Le modèle à suivre entre les civilisations pour une coexistence pacifique est, selon Huntington, ce qu’a entrepris le Gouvernement de Singapour ! Seulement cela se passe dans un Etat au « totalitarisme mou » et à 80% chinois, donc structurellement homogène ; c’est simple et il fallait y penser. La loi et l’ordre sont les conditions premières de la Civilisation, nous dit un peu plus avant l’auteur ; là encore, et s’il ne le nomme pas (et même s’il n’y pense pas) il s’agit tout simplement du programme de gouvernement de l’ex-SLORC (Parti pour le rétablissement et l’instauration de la loi et de l’ordre) au Myannmar.
Les deux premiers ouvrages de Samuel Huntington
Bien qu’aidant à penser le monde de demain voire d’aujourd’hui, Huntington dans son « Choc des civilisation » nous a un peu déçus. En effet, en dehors des critiques rapportées plus avant, l’auteur nous avait habitué à mieux. En effet, tant dans sa thèse de 1957, « The Soldier and the State » - ou était développée l'idée, certes discutable, selon laquelle depuis la Révolution Française, le professionnalisme du soldat était l'élément clef pour que ce dernier reste en dehors de la sphère du politique - que dans son ouvrage de 1968, « Political Order in changing societies » - où il analysait le Politique, ses mutations, ses nouvelles articulations et leurs possibilités - les idées et les analyses de Huntington étaient plus rigoureuses et aussi moins réductrices et « politiques ».
Rappelons enfin, qu'en 1995, François Thual, dans son livre sur les « Conflits identitaires » (Cf. chapitre XX), critiquait déjà Huntington et son analyse réductrice; il parlait alors précisément non du livre que nous connaissons mais de l'article paru en 1993 dans Foreign Affairs, article qui préfigurait le fameux "The Clash of civilizations". Pour François Thual, "Huntington fait de la géopolitique à l'estomac"; certes dit-il, "les travaux de Huntington ont pressenti, ont repéré un élément de la réalité géopolitique qu'il n'y a pas lieu de négliger. Mais en globalisant et en généralisant, Huntington a immédiatement minimisé sa découverte".

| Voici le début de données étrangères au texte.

(* There exist absolute constants $c_1,c_2>0$ such that the following holds for all sufficiently large $n$. Let $t,s$ be integers with $2\le t<s<n/2$, and let $G$ be a graph on $n$ vertices such that every induced subgraph of $G$ on $s$ vertices contains an independent set of size $t$. Let $k=\lfloor \frac{s}{t-1}\rfloor$. Then: (i) if $k\le 2\log n$, then $G$ contains an independent set of size at least $c_1\, k\, n^{1/k}$; (ii) if $k>2\log n$, then $G$ contains an independent set of size at least $c_2\,\frac{\log n}{\log (k/\log n)}$.
   Context: All logarithms are natural. An independent set is a set of pairwise non-adjacent vertices. The $\Omega(\cdot)$ bounds of the paper are expressed here via absolute constants. *)

From mathcomp Require Import all_boot.
From Stdlib Require Import Reals.
Set Implicit Arguments. Unset Strict Implicit. Unset Printing Implicit Defensive.

Definition simple_graph (T : finType) (e : rel T) : Prop :=
  symmetric e /\ irreflexive e.

Definition independent (T : finType) (e : rel T) (I : {set T}) : Prop :=
  forall x y, x \in I -> y \in I -> ~~ e x y.
(* Let $n\ge 2$ and let $V$ be an $n$-element subset of $\mathbb R$ that is optimal for $3$-term arithmetic progressions. Then at least one of the two $(n-1)$-element sets $V\setminus\{\min V\}$ and $V\setminus\{\max V\}$ is optimal for $3$-term arithmetic progressions.
   Context: A $k$-term arithmetic progression is a set $\{a,a+d,\dots,a+(k-1)d\}\subseteq\mathbb R$ with $d>0$; $S_{\mathcal A_k}(V)$ is the number of $k$-term arithmetic progressions contained in $V$. An $m$-set $V$ is optimal for $k$-term arithmetic progressions if $S_{\mathcal A_k}(V)$ equals the maximum of $S_{\mathcal A_k}(W)$ over all $m$-subsets $W\subseteq\mathbb R$, namely $(m-r)(m+r-k+1)/(2k-2)$ where $r$ is the remainder of $m$ modulo $k-1$. *)

(* Finite subsets of the reals are represented by
   duplicate-free sequences over an arbitrary real field R. *)
From HB Require Import structures.
From mathcomp Require Import all_boot all_order all_algebra.
Set Implicit Arguments. Unset Strict Implicit. Unset Printing Implicit Defensive.
Import Order.TTheory GRing.Theory Num.Theory.
Local Open Scope ring_scope.

(* The k-term AP {a, a+d, ..., a+(k-1)d} (d > 0) contained in V is
   determined by its first two terms a < b := a + d, both in V.  Hence
   S_{A_k}(V) = number of pairs (a,b) of elements of V with a < b and
   a + i*(b-a) in V for all i < k (valid for k >= 2). *)
Definition is_kAP {R : realFieldType} (k : nat) (V : seq R) (a b : R) : bool :=
  (a < b) && all (fun i => a + (b - a) *+ i \in V) (iota 0 k).

Definition S_AP {R : realFieldType} (k : nat) (V : seq R) : nat :=
  size [seq p <- [seq (a, b) | a <- V, b <- V] | is_kAP k V p.1 p.2].

Definition optimal_AP {R : realFieldType} (k : nat) (V : seq R) : Prop :=
  forall W : seq R, uniq W -> size W = size V -> (S_AP k W <= S_AP k V)%N.

Definition drop_min {R : realFieldType} (V : seq R) : seq R :=
  [seq x <- V | has (fun y => y < x) V].

Definition drop_max {R : realFieldType} (V : seq R) : seq R :=
  [seq x <- V | has (fun y => x < y) V].

From HB Require Import structures.
From mathcomp Require Import all_boot all_order all_algebra.
From mathcomp Require Import ring lra zify.
Set Implicit Arguments. Unset Strict Implicit. Unset Printing Implicit Defensive.
Import Order.TTheory GRing.Theory Num.Theory.

(* Count the 3-term progressions of V by their first two terms a < b, the third
   being 2b - a.  Deleting the maximum x of V loses the progressions ending at x,
   deleting the minimum y those starting at y.  Indexed by their middle term b,
   these are disjoint unless b = (x + y)/2, and b can be neither x nor y, so the
   two losses add up to at most |V| - 1 and one of them is at most
   floor((|V| - 1)/2).  By induction no m-set has more than ap3_max m
   progressions, a bound attained by {0, ..., m - 1}; hence for an optimal V the
   cheaper deletion leaves a set reaching the bound for |V| - 1. *)

Lemma seq_max_exists (disp : Order.disp_t) (T : orderType disp) (s : seq T) : s != [::] ->
  exists2 x, x \in s & forall z, z \in s -> (z <= x)%O.
Proof.
elim: s => [//|a s IH] _; case: (eqVneq s [::]) => [->|/IH [x xs hx]].
  by exists a; rewrite ?mem_head // => z; rewrite inE => /eqP->.
have [ax|xa] := leP a x.
  by exists x; rewrite ?inE ?xs ?orbT // => z; rewrite inE => /predU1P[->|/hx].
exists a; rewrite ?mem_head // => z; rewrite inE => /predU1P[->//|/hx zx].
exact: le_trans zx (ltW xa).
Qed.

Lemma seq_min_exists (disp : Order.disp_t) (T : orderType disp) (s : seq T) : s != [::] ->
  exists2 y, y \in s & forall z, z \in s -> (y <= z)%O.
Proof. exact: (@seq_max_exists _ T^d). Qed.

Lemma count_sumE (T : Type) (p : pred T) (s : seq T) :
  count p s = \sum_(x <- s) p x.
Proof. by elim: s => [|x s IH]; rewrite ?big_nil ?big_cons //= IH. Qed.

Lemma count_iota_double_ge m : count (fun i => m <= i.*2) (iota 0 m) = m./2.
Proof.
have -> : iota 0 m = iota 0 (uphalf m) ++ iota (uphalf m) m./2.
  by rewrite -iotaD uphalf_half -addnA addnn odd_double_half.
rewrite count_cat (eq_in_count (a2 := pred0)) ?count_pred0 => [|i]; last first.
  by rewrite mem_iota -leq_uphalf_double => /andP[_ /ltn_geF].
rewrite (eq_in_count (a2 := predT)) ?count_predT ?size_iota // => i.
by rewrite mem_iota -leq_uphalf_double => /andP[].
Qed.

(* ap3_max m = (m - r)(m + r - 2)/4 with r = m mod 2. *)
Fixpoint ap3_max (m : nat) : nat := if m is k.+1 then ap3_max k + k./2 else 0.

Local Open Scope ring_scope.

Section ThreeTermProgressions.
Variable R : realFieldType.
Implicit Types (V W : seq R) (a b x y : R).

Definition ap3_pair V a b := (a < b) && (b *+ 2 - a \in V).

Definition ap3 V : nat := \sum_(a <- V) \sum_(b <- V) ap3_pair V a b.

Definition ap3_top x V := count (fun b => (b < x) && (b *+ 2 - x \in V)) V.
Definition ap3_bottom y V := count (fun b => (y < b) && (b *+ 2 - y \in V)) V.

Lemma S_AP3E V : S_AP 3 V = ap3 V.
Proof.
rewrite /S_AP size_filter count_flatten sumnE !big_map /ap3.
apply: eq_big_seq => a aV; rewrite count_map count_sumE; apply: eq_big_seq => b bV.
rewrite /is_kAP /ap3_pair /= mulr0n addr0 mulr1n (addrC a) subrK aV bV andbT.
by rewrite (_ : a + (b - a) *+ 2 = b *+ 2 - a) // !mulr2n; ring.
Qed.

Lemma perm_ap3 V W : perm_eq V W -> ap3 V = ap3 W.
Proof.
move=> pVW; rewrite /ap3 (perm_big _ pVW); apply: eq_bigr => a _.
by rewrite (perm_big _ pVW); apply: eq_bigr => b _; rewrite /ap3_pair (perm_mem pVW).
Qed.

Lemma count_ap3_first V x b : uniq V ->
  count (fun a => (a < b) && (b *+ 2 - a == x)) V = (b < x) && (b *+ 2 - x \in V).
Proof.
move=> uV; set c := b *+ 2 - x.
have mid_eq a : (b *+ 2 - a == x) = (a == c).
  by rewrite /c; apply/eqP/eqP => [<-|->]; rewrite !mulr2n; ring.
under eq_count do rewrite mid_eq.
have [bx|xb] := ltP b x.
  rewrite (eq_count (a2 := pred1 c)) ?count_uniq_mem // => a /=.
  by case: (a =P c) => [->|_]; rewrite ?andbF // andbT /c mulr2n; lra.
rewrite (eq_count (a2 := pred0)) ?count_pred0 // => a /=.
by case: (a =P c) => [->|_]; rewrite ?andbF // andbT /c mulr2n; lra.
Qed.

Lemma ap3_cons_max x V : uniq V -> (forall b, b \in V -> b < x) ->
  ap3 (x :: V) = (ap3 V + ap3_top x V)%N.
Proof.
move=> uV Vx; have xV : x \notin V by apply/negP => /Vx; rewrite ltxx.
rewrite /ap3 big_cons big1_seq ?add0n; last first.
  by move=> b /andP[_]; rewrite /ap3_pair inE => /predU1P[->|/Vx bx]; rewrite ?ltxx // lt_gtF.
have split_last a : a \in V -> (\sum_(b <- x :: V) ap3_pair (x :: V) a b =
    \sum_(b <- V) ap3_pair V a b + \sum_(b <- V) ((a < b) && (b *+ 2 - a == x))%R)%N.
  move=> aV; rewrite big_cons -big_split /= /ap3_pair inE.
  have ax := Vx a aV; have x_lt : x < x *+ 2 - a by rewrite mulr2n; lra.
  have xaV : (x *+ 2 - a \in V) = false by apply/negP => /Vx; rewrite ltNge ltW.
  rewrite ax gt_eqF //= xaV add0n.
  apply: eq_big_seq => b bV; rewrite inE.
  case: (b *+ 2 - a =P x) => [->|_]; case: (a < b) => //=; by rewrite ?(negPf xV) ?addn0.
rewrite (eq_big_seq _ split_last) big_split /=; congr (_ + _)%N.
rewrite /ap3_top count_sumE exchange_big /=; apply: eq_big_seq => b bV.
by rewrite -count_sumE count_ap3_first.
Qed.

Lemma ap3_cons_min y V : (forall b, b \in V -> y < b) ->
  ap3 (y :: V) = (ap3 V + ap3_bottom y V)%N.
Proof.
move=> yV; rewrite /ap3 big_cons big_cons addnC /ap3_pair ltxx add0n; congr (_ + _)%N.
  apply: eq_big_seq => a aV; rewrite big_cons lt_gtF ?yV // add0n.
  apply: eq_big_seq => b bV; rewrite inE; case ab: (a < b) => //=.
  have ya := yV a aV; have : y < b *+ 2 - a by rewrite mulr2n; lra.
  by move/gt_eqF->.
rewrite /ap3_bottom count_sumE; apply: eq_big_seq => b bV.
have yb := yV b bV; have : y < b *+ 2 - y by rewrite mulr2n; lra.
by rewrite inE yb => /gt_eqF->.
Qed.

Lemma drop_maxE V x : uniq V -> x \in V -> (forall z, z \in V -> z <= x) ->
  drop_max V = rem x V.
Proof.
move=> uV xV Vx; rewrite rem_filter //; apply: eq_in_filter => z zV /=.
case: (eqVneq z x) => [->|zx].
  by apply/negbTE/hasPn => w /Vx; rewrite leNgt => /negbTE->.
by apply/hasP; exists x; rewrite // lt_neqAle zx Vx.
Qed.

Lemma drop_minE V y : uniq V -> y \in V -> (forall z, z \in V -> y <= z) ->
  drop_min V = rem y V.
Proof.
move=> uV yV Vy; rewrite rem_filter //; apply: eq_in_filter => z zV /=.
case: (eqVneq z y) => [->|zy].
  by apply/negbTE/hasPn => w /Vy; rewrite leNgt => /negbTE->.
by apply/hasP; exists y; rewrite // lt_neqAle eq_sym zy Vy.
Qed.

Lemma drop_max_lt V x b : (forall z, z \in V -> z <= x) -> b \in drop_max V -> b < x.
Proof. by move=> Vx; rewrite mem_filter => /andP[/hasP[z /Vx zx bz] _]; exact: lt_le_trans zx. Qed.

Lemma drop_min_gt V y b : (forall z, z \in V -> y <= z) -> b \in drop_min V -> y < b.
Proof. by move=> Vy; rewrite mem_filter => /andP[/hasP[z /Vy yz zb] _]; exact: le_lt_trans zb. Qed.

Lemma ap3_drop_max V x : uniq V -> x \in V -> (forall z, z \in V -> z <= x) ->
  ap3 V = (ap3 (drop_max V) + ap3_top x (drop_max V))%N.
Proof.
move=> uV xV Vx; rewrite (perm_ap3 (perm_to_rem xV)) -drop_maxE //.
by rewrite ap3_cons_max ?filter_uniq // => b; apply: drop_max_lt.
Qed.

Lemma ap3_drop_min V y : uniq V -> y \in V -> (forall z, z \in V -> y <= z) ->
  ap3 V = (ap3 (drop_min V) + ap3_bottom y (drop_min V))%N.
Proof.
move=> uV yV Vy; rewrite (perm_ap3 (perm_to_rem yV)) -drop_minE //.
by rewrite ap3_cons_min // => b; apply: drop_min_gt.
Qed.

Lemma size_drop_max V : uniq V -> size (drop_max V) = (size V).-1.
Proof.
case: (eqVneq V [::]) => [->//|/seq_max_exists[x xV Vx] uV].
by rewrite (drop_maxE uV xV Vx) size_rem.
Qed.

Lemma size_drop_min V : uniq V -> size (drop_min V) = (size V).-1.
Proof.
case: (eqVneq V [::]) => [->//|/seq_min_exists[y yV Vy] uV].
by rewrite (drop_minE uV yV Vy) size_rem.
Qed.

Lemma uniq_drop_max V : uniq V -> uniq (drop_max V).
Proof. exact: filter_uniq. Qed.

Lemma uniq_drop_min V : uniq V -> uniq (drop_min V).
Proof. exact: filter_uniq. Qed.

(* A middle term b serves a progression ending at x and one starting at y only
   when b is the midpoint of [y, x]; b = x and b = y serve neither. *)
Lemma ap3_ends_middle_le V x y b : y < x -> (forall z, z \in V -> y <= z <= x) ->
  y <= b <= x ->
  (((b < x) && (b *+ 2 - x \in V))%R + ((y < b) && (b *+ 2 - y \in V))%R +
    (b == x) + (b == y) <= 1 + (b *+ 2 == x + y)%R)%N.
Proof.
move=> yx Vyx /andP[yb bx]; have inV z : z \in V -> y <= z /\ z <= x by move/Vyx/andP.
case: (eqVneq b x) => [->|nbx].
  suff -> : (x *+ 2 - y \in V) = false by rewrite ltxx gt_eqF ?andbF.
  by apply/negP => /inV[_]; rewrite mulr2n; lra.
case: (eqVneq b y) => [->|nby].
  suff -> : (y *+ 2 - x \in V) = false by rewrite ltxx andbF.
  by apply/negP => /inV[+ _]; rewrite mulr2n; lra.
rewrite !addn0 !lt_neqAle nbx eq_sym nby bx yb /=.
case: (boolP (b *+ 2 - x \in V)) => [/inV[lo _]|_]; last by case: (_ \in V).
case: (boolP (b *+ 2 - y \in V)) => [/inV[_ hi]|//].
suff -> : b *+ 2 = x + y by rewrite eqxx.
by apply/eqP; rewrite eq_le; move: lo hi; rewrite mulr2n => lo hi; apply/andP; split; lra.
Qed.

Lemma ap3_top_filter x p V : (ap3_top x (filter p V) <= ap3_top x V)%N.
Proof.
rewrite /ap3_top count_filter; apply: sub_count => b /= /andP[/andP[-> +] _].
by rewrite mem_filter => /andP[].
Qed.

Lemma ap3_bottom_filter y p V : (ap3_bottom y (filter p V) <= ap3_bottom y V)%N.
Proof.
rewrite /ap3_bottom count_filter; apply: sub_count => b /= /andP[/andP[-> +] _].
by rewrite mem_filter => /andP[].
Qed.

Lemma ap3_top_bottom_le V x y : uniq V -> x \in V -> y \in V -> y < x ->
  (forall z, z \in V -> y <= z <= x) ->
  (ap3_top x V + ap3_bottom y V <= (size V).-1)%N.
Proof.
move=> uV xV yV yx Vyx.
have mid_le : (count (fun b => b *+ 2 == x + y)%R V <= 1)%N.
  rewrite (eq_count (a2 := pred1 ((x + y) / 2))) ?count_uniq_mem ?leq_b1 // => b /=.
  by apply/eqP/eqP => [<-|->]; rewrite mulr2n; field.
have := @leq_sum _ V (mem V) _ _ (fun b bV => ap3_ends_middle_le yx Vyx (Vyx b bV)).
rewrite -!big_seq !big_split /= -!count_sumE sum1_size !(count_uniq_mem _ uV) xV yV.
rewrite -/(ap3_top x V) -/(ap3_bottom y V); lia.
Qed.

Lemma ap3_drop_end V : uniq V -> (2 <= size V)%N ->
  exists V', [/\ V' = drop_min V \/ V' = drop_max V, uniq V', size V' = (size V).-1
    & (ap3 V <= ap3 V' + (size V).-1./2)%N].
Proof.
move=> uV V2; have V0 : V != [::] by apply: contraTneq V2 => ->.
have [x xV Vx] := seq_max_exists V0; have [y yV Vy] := seq_min_exists V0.
have /hasP[z zV _] : has predT (drop_max V).
  by rewrite has_predT size_drop_max // ltn_predRL.
have yx : y < x.
  by apply: le_lt_trans (drop_max_lt Vx zV); apply: Vy; move: zV; rewrite mem_filter => /andP[].
have Vyx w : w \in V -> y <= w <= x by move=> wV; rewrite Vy ?Vx.
have losses := ap3_top_bottom_le uV xV yV yx Vyx.
have top_le : (ap3_top x (drop_max V) <= ap3_top x V)%N by apply: ap3_top_filter.
have bottom_le : (ap3_bottom y (drop_min V) <= ap3_bottom y V)%N by apply: ap3_bottom_filter.
have := odd_double_half (size V).-1; have := leq_b1 (odd (size V).-1).
rewrite -addnn; set k := (size V).-1; set h := k./2 => odd_le1 k_halves.
have [top_small|top_big] := leqP (ap3_top x (drop_max V)) h.
  exists (drop_max V); split; rewrite ?size_drop_max ?uniq_drop_max //; first by right.
  by rewrite (ap3_drop_max uV xV Vx) leq_add2l.
exists (drop_min V); split; rewrite ?size_drop_min ?uniq_drop_min //; first by left.
rewrite (ap3_drop_min uV yV Vy) leq_add2l; lia.
Qed.

Lemma ap3_le_max m W : uniq W -> size W = m -> (ap3 W <= ap3_max m)%N.
Proof.
elim: m W => [|[|k] IH] W uW sW.
- by case: W uW sW => // _ _; rewrite /ap3 big_nil.
- by case: W uW sW => [|w []] // _ _; rewrite /ap3 !big_cons !big_nil /ap3_pair ltxx.
have /(ap3_drop_end uW)[W' [_ uW' sW' le]] : (2 <= size W)%N by rewrite sW.
rewrite sW /= in sW' le; apply: leq_trans le _.
by rewrite leq_add2r; apply: IH.
Qed.

Definition progression m : seq R := [seq i%:R | i <- iota 0 m].

Lemma progression_uniq m : uniq (progression m).
Proof. by rewrite map_inj_uniq ?iota_uniq // => i j /eqP; rewrite eqr_nat => /eqP. Qed.

Lemma ap3_max_le_progression m : (ap3_max m <= ap3 (progression m))%N.
Proof.
elim: m => //= m IH.
have -> : progression m.+1 = rcons (progression m) m%:R.
  by rewrite /progression -addn1 iotaD map_cat cats1.
have lt_m b : b \in progression m -> b < m%:R.
  by case/mapP => i; rewrite mem_iota => /andP[_ im] ->; rewrite ltr_nat.
rewrite (@perm_ap3 _ (m%:R :: progression m)) ?perm_rcons //.
rewrite ap3_cons_max ?progression_uniq //.
apply: leq_add => //; rewrite -count_iota_double_ge /ap3_top count_map.
rewrite -(@eq_in_count _ (fun i => (i < m) && (m <= i.*2))%N (fun i => m <= i.*2)%N)
  => [|i]; last by rewrite mem_iota => /andP[_ ->].
apply: sub_count => i /andP[im mi] /=.
rewrite ltr_nat im; apply/mapP; exists (i.*2 - m)%N; first by rewrite mem_iota; lia.
by rewrite natrB // -addnn natrD mulr2n.
Qed.

End ThreeTermProgressions.

Theorem mainTheorem9 (R : realFieldType) (n : nat) (V : seq R) :
  (2 <= n)%N -> uniq V -> size V = n -> optimal_AP 3 V ->
  optimal_AP 3 (drop_min V) \/ optimal_AP 3 (drop_max V).
Proof.
move=> n2 uV sV optV.
have V_ge : (ap3_max n <= ap3 V)%N.
  apply: leq_trans (ap3_max_le_progression R n) _; rewrite -!S_AP3E.
  by apply: optV; rewrite ?progression_uniq // size_map size_iota sV.
have /(ap3_drop_end uV)[V' [hV' _ sV' le]] : (2 <= size V)%N by rewrite sV.
have optV' : optimal_AP 3 V'.
  move=> W uW sW; rewrite !S_AP3E; apply: leq_trans (ap3_le_max uW (etrans sW sV')) _.
  rewrite sV in le *; case: n n2 sV V_ge le => // k _ _ /= V_ge le; lia.
by case: hV' => <-; [left | right].
Qed.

Samuel P. Huntington nous a quitté en décembre 2008 et si ses deux premiers ouvrages resteront très certainement des ouvrages de références majeurs, l’on peut douter de la valeur objective et de l’intérêt de ce « Choc des civilisations » sinon peut-être d’avoir remis en scène, « à la mode », ce que nous connaissions déjà depuis au moins Fernand Braudel, à savoir l’importance du fait civilisationnel dans l’Histoire, de sa "grammaire" et les affaires du monde. Néanmoins, la civilisation n’est qu’un des éléments pour appréhender cette nouvelle structure organisationnelle qui se met en place et qui va régir les affaires du monde. Toute analyse ou explication monocausale est par essence vouée à l’échec, voire belligène. C’est pourquoi il s’agit plutôt d’utiliser une approche multicritères, pluri-disciplinaire ; en un mot, une approche réaliste et dé-idéologisée dans l’étude des relations internationales.